Bug 42689

Summary: no way to timeout new connect attempts for replication sockets
Product: Tomcat 5 Reporter: Casey Lucas <clucas>
Component: Catalina:ClusterAssignee: Tomcat Developers Mailing List <dev>
Status: RESOLVED FIXED    
Severity: normal    
Priority: P2    
Version: 5.5.23   
Target Milestone: ---   
Hardware: Sun   
OS: Solaris   
Attachments: diff to use Socket.connect with timeout parameter

Description Casey Lucas 2007-06-18 06:46:37 UTC
While testing clustering in our lab we noticed that when connectivity to one of
the cluster members was lost by pulling the network cable (serving replication
traffic), the entire cluster would become unresponsive.  We were pulling the
network cable to simulate catastrophic switch port failure or interface failure.
We were testing under load, using synchronous replication.  We found that
existing replication sockets would honor our timeout (ackTimeout)
configurations, but new connections established because of pool growth or
retries would not timeout socket connect attempts.  Because of not having a
timeout, requests would backlog and effectively bring the cluster down.

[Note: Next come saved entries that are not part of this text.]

(* Let $(A,* )$ be an involutive associative algebra, $(M,* )$ an involutive $A$-bimodule, and $T:M\to A$ a relative Rota-Baxter operator on $A$ with respect to $M$. Then $H^\bullet_T(M,A)\cong iH^\bullet_T(M,A)\oplus i_-H^\bullet_T(M,A)$, where these are the cohomologies of the complexes $(\mathrm{Hom}(M^{\otimes\bullet},A),d_T)$, $(i\mathrm{Hom}(M^{\otimes\bullet},A),d_T)$ and $(i_-\mathrm{Hom}(M^{\otimes\bullet},A),d_T)$ respectively.
   Context: An involutive associative algebra is an associative algebra $A$ with a linear map $*:A\to A$ satisfying $a^{**}=a$ and $(ab)^*=b^*a^*$; an involutive $A$-bimodule is an $A$-bimodule $M$ with $*:M\to M$, $u^{**}=u$, $(au)^*=u^*a^*$, $(ua)^*=a^*u^*$. A relative Rota-Baxter operator is a linear $T:M\to A$ with $T(u^* )=T(u)^*$ and $T(u)T(v)=T(uT(v)+T(u)v)$. Put $u\circledast v=uT(v)+T(u)v$, $l_T(u,a)=T(u)a-T(ua)$, $r_T(a,u)=aT(u)-T(au)$. Let $\mathrm{Hom}(M^{\otimes 0},A)=A$. The differential $d_T:\mathrm{Hom}(M^{\otimes n},A)\to \mathrm{Hom}(M^{\otimes n+1},A)$ is $d_T(a)(u)=l_T(u,a)-r_T(a,u)$ for $a\in A$, and for $n\ge1$, $(d_Tf)(u_1,\ldots,u_{n+1})=(-1)^n\big[l_T(u_1,f(u_2,\ldots,u_{n+1}))+\sum_{i=1}^n(-1)^if(u_1,\ldots,u_i\circledast u_{i+1},\ldots,u_{n+1})+(-1)^{n+1}r_T(f(u_1,\ldots,u_n),u_{n+1})\big]$; $H^\bullet_T(M,A)$ is its cohomology. Define $S_0(a)=-a^*$ and $(S_nf)(u_1,\ldots,u_n)=(-1)^{\frac{(n-1)(n-2)}{2}}f(u_n^*,\ldots,u_1^* )^*$ for $n\ge1$; then $S_n^2=\mathrm{id}$. Let $i\mathrm{Hom}(M^{\otimes n},A)$ and $i_-\mathrm{Hom}(M^{\otimes n},A)$ be the $+1$ and $-1$ eigenspaces of $S_n$ (so $i\mathrm{Hom}(M^{\otimes 0},A)=\{a\mid a^*=-a\}$). Both are subcomplexes for $d_T$; their cohomologies are $iH^\bullet_T(M,A)$ and $i_-H^\bullet_T(M,A)$. *)

From mathcomp Require Import all_boot all_algebra.
Set Implicit Arguments. Unset Strict Implicit. Unset Printing Implicit Defensive.
Import GRing.Theory.
Local Open Scope ring_scope.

Theoretically, this connection establishment problem exists for all users of the
DataSender class.
Comment 1 Casey Lucas 2007-06-18 06:50:37 UTC
Created attachment 20366 [details]
diff to use Socket.connect with timeout parameter

Our fix was to change DataSender.createSocket to use the ackTimeout for
connection establishment.  This fix will only work with jdk 1.4 or higher.
Comment 2 Peter Rossbach 2007-06-20 05:58:00 UTC
Thanks for the report. This has been fixed in svn and will be in 5.5.25.
Peter